Lemma objective_ge (Y : 'M[R]_(n, r)) :
  (forall i j : 'I_n, (i <= j)%N -> s j <= s i) -> (forall i, 0 <= s i) ->
  (forall i j : 'I_r, (i <= j)%N -> d i <= d j) ->
  \sum_(i < n) s i ^+ 2 - gain <= objective Y.
Proof.
move=> s_decr s_ge0 d_incr.
have /symmetric_spectral_resolution [w [lam [w_res M_def]]] : (Y^T *m Y)^T = Y^T *m Y.
  by rewrite trmx_mul trmxK.
rewrite (objective_spectralE AT BT A_def u_res B_def w_res M_def) lerD2l lerN2.
have vo := resolution_orthonormal v_res; have wo := resolution_orthonormal w_res.
have Yw k l : dot (Y *m w k) (Y *m w l) = lam k * (k == l)%:R.
  by rewrite dot_mulmx mulmxA M_def rank1_sum_mulmx // dotZl wo.
have lamE k : lam k = dot (Y *m w k) (Y *m w k) by rewrite Yw eqxx mulr1.
apply: coupling_gain_le => // [i k|j k|k|k|j|i].
- exact: sqr_ge0.
- exact: sqr_ge0.
- by rewrite resolution_parseval // lamE.
- by rewrite resolution_parseval // wo eqxx.
- under eq_bigr do rewrite dotC.
  by rewrite resolution_parseval // vo eqxx.
- under eq_bigr do rewrite lamE.
  apply: le_trans (bessel (u i) _) _.
    by move=> k l /negbTE kl; rewrite Yw kl mulr0.
  by rewrite (resolution_orthonormal u_res) eqxx.
Qed.

Local Notation c i := (pospart (s (widen_ord hrn i) - d i)).
Lemma mesh_containsP C : mesh_contains pi tp C <->
  exists2 nu, occurrence nu &
    forall ab, ab \in C -> forall j, 0 < j <= N -> ~~ in_box nu ab j.
Proof.
split=> [[nu [sz srt bnd iso boxes]]|[nu [sz srt bnd iso] boxes]].
  exists nu => [|ab /boxes box j /box nbox]; first by split.
  by apply/negP => /andP[? ?]; apply: nbox.
exists nu; split=> // ? ? ? ab /boxes box j /box /negP nbox [? ?].
by apply: nbox; apply/andP.
Qed.

Section Positions.

Variable nu : seq nat.
Hypothesis occ : occurrence nu.

Lemma size_values : size (values nu) = k.
Proof. by case: occ => sz _ _ _; rewrite size_map. Qed.

Lemma nth_values b : b < k -> nth 0 (values nu) b = nth 0 pi (nth 0 nu b).-1.
Proof. by case: occ => sz _ _ _ lt_bk; rewrite (nth_map 0) // sz. Qed.

Lemma occ_bound b : b < k -> 0 < nth 0 nu b <= N.
Proof. by case: occ => sz _ /(all_nthP 0) bnd _; rewrite -sz; apply: bnd. Qed.

Lemma occ_lt b b' : b < b' -> b' < k -> nth 0 nu b < nth 0 nu b'.
Proof.
case: occ => sz srt _ _ lt_bb' lt_b'k.
by apply: (sorted_ltn_nth ltn_trans 0 srt) => //; rewrite inE sz; lia.
Qed.

Lemma col_occ i : 0 < i <= k -> col nu i = nth 0 nu i.-1.
Proof.
case: occ => sz _ _ _ /andP[i_gt0 le_ik].
by rewrite /col nth_frame sz (negbTE (lt0n_neq0 i_gt0)) le_ik.
Qed.

End Positions.

Hypothesis tp_perm : is_perm_seq tp.

Lemma mem_tp x : (x \in tp) = (0 < x <= k).
Proof. by rewrite (perm_mem tp_perm) mem_iota; apply/idP/idP; lia. Qed.

Lemma uniq_tp : uniq tp.
Proof. by rewrite (perm_uniq tp_perm) iota_uniq. Qed.

Lemma index_tp_lt x : 0 < x <= k -> index x tp < k.
Proof. by rewrite index_mem mem_tp. Qed.

Section Ranks.

Variable nu : seq nat.
Hypothesis occ : occurrence nu.

Lemma values_tp_lt x y : 0 < x -> x < y <= k ->
  nth 0 (values nu) (index x tp) < nth 0 (values nu) (index y tp).
Proof.
case: occ => _ _ _ iso x_gt0 /andP[lt_xy le_yk].
by rewrite iso ?index_tp_lt ?nth_index ?mem_tp //; lia.
Qed.

Lemma sort_values :
  sort leq (values nu) = [seq nth 0 (values nu) (index r tp) | r <- iota 1 k].
Proof.
apply: (sorted_eq leq_trans anti_leq); first exact: (sort_sorted leq_total).
  apply/(sortedP 0) => i; rewrite size_map size_iota => lt_ik.
  rewrite !(nth_map 0 0 (fun r => nth 0 (values nu) (index r tp))) ?size_iota;
    try lia.
  by rewrite !nth_iota; try lia; apply/ltnW/values_tp_lt; lia.
have index_tp : [seq index r tp | r <- tp] = iota 0 k.
  apply: (@eq_from_nth _ 0) => [|i]; rewrite size_map ?size_iota // => lt_ik.
  by rewrite (nth_map 0) // index_uniq ?uniq_tp // nth_iota.
rewrite perm_sort (map_comp (nth 0 (values nu)) (index^~ tp)).
rewrite -{1}(mkseq_nth 0 (values nu)) /mkseq (size_values occ) -index_tp.
by do 2 apply: perm_map.
Qed.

------------------------------------------------

--- What you will do ---
In the entries above, the lines between the one holding "by rewrite trmx_mul trmxK." and the one holding "by rewrite dot_mulmx", inclusive, are to be printed exactly as written, and those alone.

--- Answer for the task ---
  by rewrite trmx_mul trmxK.
rewrite (objective_spectralE AT BT A_def u_res B_def w_res M_def) lerD2l lerN2.
have vo := resolution_orthonormal v_res; have wo := resolution_orthonormal w_res.
have Yw k l : dot (Y *m w k) (Y *m w l) = lam k * (k == l)%:R.
  by rewrite dot_mulmx mulmxA M_def rank1_sum_mulmx // dotZl wo.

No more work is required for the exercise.